Note: LSP packets are used to carry topological and addressing information in IS-IS. An LSP describes its originator, its adjacencies to neighboring network objects, and related addressing. Each LSP is uniquely identified by the SystemID.PseudonodeID-LSPNumber. Each LSP has a sequence number, starting at 0x00000001 and ending at 0xFFFFFFFF. The lifespan of an LSP is limited by its Remaining Lifetime timer set to 1200 seconds and decreasing. After this timer expires, a router is required to wait at least another ZeroAgeLifetime (60 seconds) before flushing the LSP. LSPs are refreshed by default every 900 seconds.

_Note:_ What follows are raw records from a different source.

(* Let $P=[\tfrac12]_{m\times p}$ be the $m\times p$ matrix all of whose entries are $\tfrac12$. Then no ranking satisfies $(\rho,\delta)$-equal representation for any $\rho<1$ and $\delta\le\tfrac12$.
   Context: A ranking is a matrix $R\in\{0,1\}^{m\times n}$ with $\sum_{j} R_{ij}\le 1$ for each item $i\in[m]$ and $\sum_{i} R_{ij}=1$ for each position $j\in[n]$. Noise model: the groups $G_1,\dots,G_p\subseteq[m]$ are random with $\Pr[i\in G_\ell]=P_{i\ell}$, and events concerning distinct items are independent. A ranking $R$ (deterministic or random independent of the groups) satisfies $(\rho,\delta)$-equal representation if with probability at least $1-\delta$, for all $k\in[n]$ and $\ell\in[p]$, at most $\frac k2(1+\rho)$ items from $G_\ell$ appear in the first $k$ positions of $R$. *)

From HB Require Import structures.
From mathcomp Require Import all_boot all_order all_algebra.
Set Implicit Arguments. Unset Strict Implicit. Unset Printing Implicit Defensive.
Import Order.TTheory GRing.Theory Num.Theory.
Local Open Scope ring_scope.

Section Defs.
Variable R : realFieldType.

Definition is_distr (T : finType) (mu : T -> R) : Prop :=
  (forall x, 0 <= mu x) /\ \sum_(x : T) mu x = 1.

Definition prob (T : finType) (mu : T -> R) (A : pred T) : R :=
  \sum_(x : T | A x) mu x.

(* An outcome of the random groups: g i l = true  iff  item i belongs to G_l. *)
Definition groups_outcome (m p : nat) := {ffun 'I_m -> {ffun 'I_p -> bool}}.

Definition noise_model (m p : nat) (P : 'M[R]_(m, p))
    (mu : groups_outcome m p -> R) : Prop :=
  [/\ is_distr mu,
      (forall (i : 'I_m) (l : 'I_p), prob mu (fun g => g i l) = P i l)
    & (forall A : 'I_m -> pred {ffun 'I_p -> bool},
        prob mu (fun g => [forall i, A i (g i)])
        = \prod_(i : 'I_m) prob mu (fun g => A i (g i)))].

Definition is_ranking (m n : nat) (Rk : 'M[bool]_(m, n)) : Prop :=
  (forall i : 'I_m, (\sum_(j : 'I_n) (Rk i j : nat) <= 1)%N) /\
  (forall j : 'I_n, (\sum_(i : 'I_m) (Rk i j : nat))%N = 1%N).

Definition top_count (m n p : nat) (Rk : 'M[bool]_(m, n))
    (g : groups_outcome m p) (l : 'I_p) (k : nat) : nat :=
  (\sum_(i : 'I_m) \sum_(j : 'I_n | (j < k)%N) (Rk i j && g i l))%N.

Definition fair_event (m n p : nat) (rho : R) (Rk : 'M[bool]_(m, n))
    (g : groups_outcome m p) : bool :=
  [forall l : 'I_p, forall k : 'I_n,
     (top_count Rk g l k.+1)%:R <= (k.+1)%:R / 2 * (1 + rho)].

(* A random ranking (independent of the groups): a distribution on matrices
   supported on rankings. Deterministic rankings are Dirac distributions. *)
Definition random_ranking (m n : nat) (nu : 'M[bool]_(m, n) -> R) : Prop :=
  is_distr nu /\ (forall Rk, nu Rk != 0 -> is_ranking Rk).

Definition equal_representation (m n p : nat) (mu : groups_outcome m p -> R)
    (nu : 'M[bool]_(m, n) -> R) (rho delta : R) : Prop :=
  1 - delta <= \sum_(Rk : 'M[bool]_(m, n)) nu Rk * prob mu (fair_event rho Rk).

End Defs.

(* The item ranked first lies in each group G_l with probability 1/2, and
   whenever it does, the top-1 prefix already contains one member of G_l,
   more than the 1/2 * (1 + rho) < 1 allowed.  So every ranking is fair with
   probability at most 1/2, and averaging over a random ranking keeps this
   bound below 1 - delta. *)

From HB Require Import structures.
From mathcomp Require Import all_boot all_order all_algebra.
From mathcomp Require Import lra.
Set Implicit Arguments. Unset Strict Implicit. Unset Printing Implicit Defensive.
Import Order.TTheory GRing.Theory Num.Theory.
Local Open Scope ring_scope.

Section Distributions.
Variables (R : realFieldType) (T : finType) (mu : T -> R).
Hypothesis mu_distr : is_distr mu.

Lemma prob_sub (A B : pred T) :
  (forall x, A x -> B x) -> prob mu A <= prob mu B.
Proof.
move=> AB; rewrite /prob [X in _ <= X]big_mkcond [X in X <= _]big_mkcond /=.
apply: ler_sum => x _; case Ax: (A x); first by rewrite AB.
by case: (B x); rewrite ?(proj1 mu_distr).
Qed.

Lemma prob_predC (A : pred T) : prob mu (predC A) = 1 - prob mu A.
Proof.
by rewrite -(proj2 mu_distr) (bigID A) /= /prob addrC addrK.
Qed.

Lemma expectation_le (f : T -> R) (c : R) :
  (forall x, mu x != 0 -> f x <= c) -> \sum_x mu x * f x <= c.
Proof.
move=> fc; rewrite -[c]mul1r -(proj2 mu_distr) mulr_suml.
apply: ler_sum => x _.
have [->|mu_nz] := eqVneq (mu x) 0; first by rewrite !mul0r.
by rewrite ler_wpM2l ?(proj1 mu_distr) ?fc.
Qed.

End Distributions.

Lemma ranking_filled (m n : nat) (Rk : 'M[bool]_(m, n)) :
  is_ranking Rk -> forall j, exists i, Rk i j.
Proof.
move=> [_ col_sum] j; case: (pickP (Rk^~ j)) => [i Rij | none]; first by exists i.
by move: (col_sum j); rewrite big1 // => i _; rewrite none.
Qed.

Lemma top_count_gt0 (m n p : nat) (Rk : 'M[bool]_(m, n))
    (g : groups_outcome m p) (l : 'I_p) (k : nat) (i : 'I_m) (j : 'I_n) :
  Rk i j -> g i l -> (j < k)%N -> (0 < top_count Rk g l k)%N.
Proof.
move=> Rij gil jk; rewrite /top_count (bigD1 i) //= (bigD1 j) //=.
by rewrite Rij gil.
Qed.

Lemma fair_event_first_item (R : realFieldType) (m n p : nat) (rho : R)
    (Rk : 'M[bool]_(m, n)) (g : groups_outcome m p) (l : 'I_p)
    (i : 'I_m) (j : 'I_n) :
  rho < 1 -> Rk i j -> j = 0%N :> nat -> fair_event rho Rk g -> ~~ g i l.
Proof.
move=> rho_lt1 Rij j0 /forallP /(_ l) /forallP /(_ j); rewrite j0 => fair.
apply/negP => gil.
have : (1 : R) <= 1 / 2 * (1 + rho).
  by apply: le_trans fair; rewrite ler1n (top_count_gt0 Rij gil) ?j0.
lra.
Qed.

Lemma prob_fair_event_le (R : realFieldType) (m n p : nat) (P : 'M[R]_(m, p))
    (mu : groups_outcome m p -> R) (rho : R) (Rk : 'M[bool]_(m, n)) (l : 'I_p) :
  (0 < n)%N -> noise_model P mu -> rho < 1 -> is_ranking Rk ->
  exists i, prob mu (fair_event rho Rk) <= 1 - P i l.
Proof.
move=> n_gt0 [mu_distr marginal _] rho_lt1 rank.
have [i Ri0] := ranking_filled rank (Ordinal n_gt0).
exists i; rewrite -marginal -prob_predC //.
by apply: prob_sub => // g; exact: fair_event_first_item rho_lt1 Ri0 (erefl _).
Qed.

Theorem proposition3p3 (R : realFieldType) (m n p : nat)
    (mu : groups_outcome m p -> R) :
  (0 < n)%N -> (0 < p)%N ->
  noise_model (const_mx (1 / 2 : R)) mu ->
  forall (nu : 'M[bool]_(m, n) -> R) (rho delta : R),
    random_ranking nu -> rho < 1 -> delta < 1 / 2 ->
    ~ equal_representation mu nu rho delta.
Proof.
move=> n_gt0 p_gt0 noise nu rho delta [nu_distr nu_rank] rho_lt1 delta_lt.
have fair_le_half : forall Rk, nu Rk != 0 -> prob mu (fair_event rho Rk) <= 1 / 2.
  move=> Rk /nu_rank rank.
  have [i fair_le] := prob_fair_event_le (Ordinal p_gt0) n_gt0 noise rho_lt1 rank.
  by move: fair_le; rewrite mxE; lra.
rewrite /equal_representation => eq_rep.
have := le_trans eq_rep (expectation_le nu_distr fair_le_half); lra.
Qed.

Separate LSPs are originated for Level 1 and Level 2.


Complete and Partial Sequence Numbers PDUs 

Complete Sequence Numbers PDU (CSNP) and Partial Sequence Numbers PDU(PSNP) packets are used to synchronize link-state databases. CSNP packets are very similar in their function to OSPF Database Description Packets. The purpose of CSNP packets is to advertise a complete list of LSPs in the sender’s link-state database. Receivers of CSNP packets can compare their link-state database contents to the list of LSPs in the CSNP and perform appropriate action. Note that CSNPs list only LSPIDs, but they do not contain LSP bodies.

On point-to-point links, CSNP packets are exchanged usually only during initial adjacency buildup; on broadcast networks, CSNP packets are originated periodically by the DIS. PSNP packets are functionally similar to OSPF Link State Request and Link State Acknowledgment packets. Using PSNP, a router can either request a particular LSP or acknowledge its arrival. A single PSNP can request or acknowledge multiple LSPs.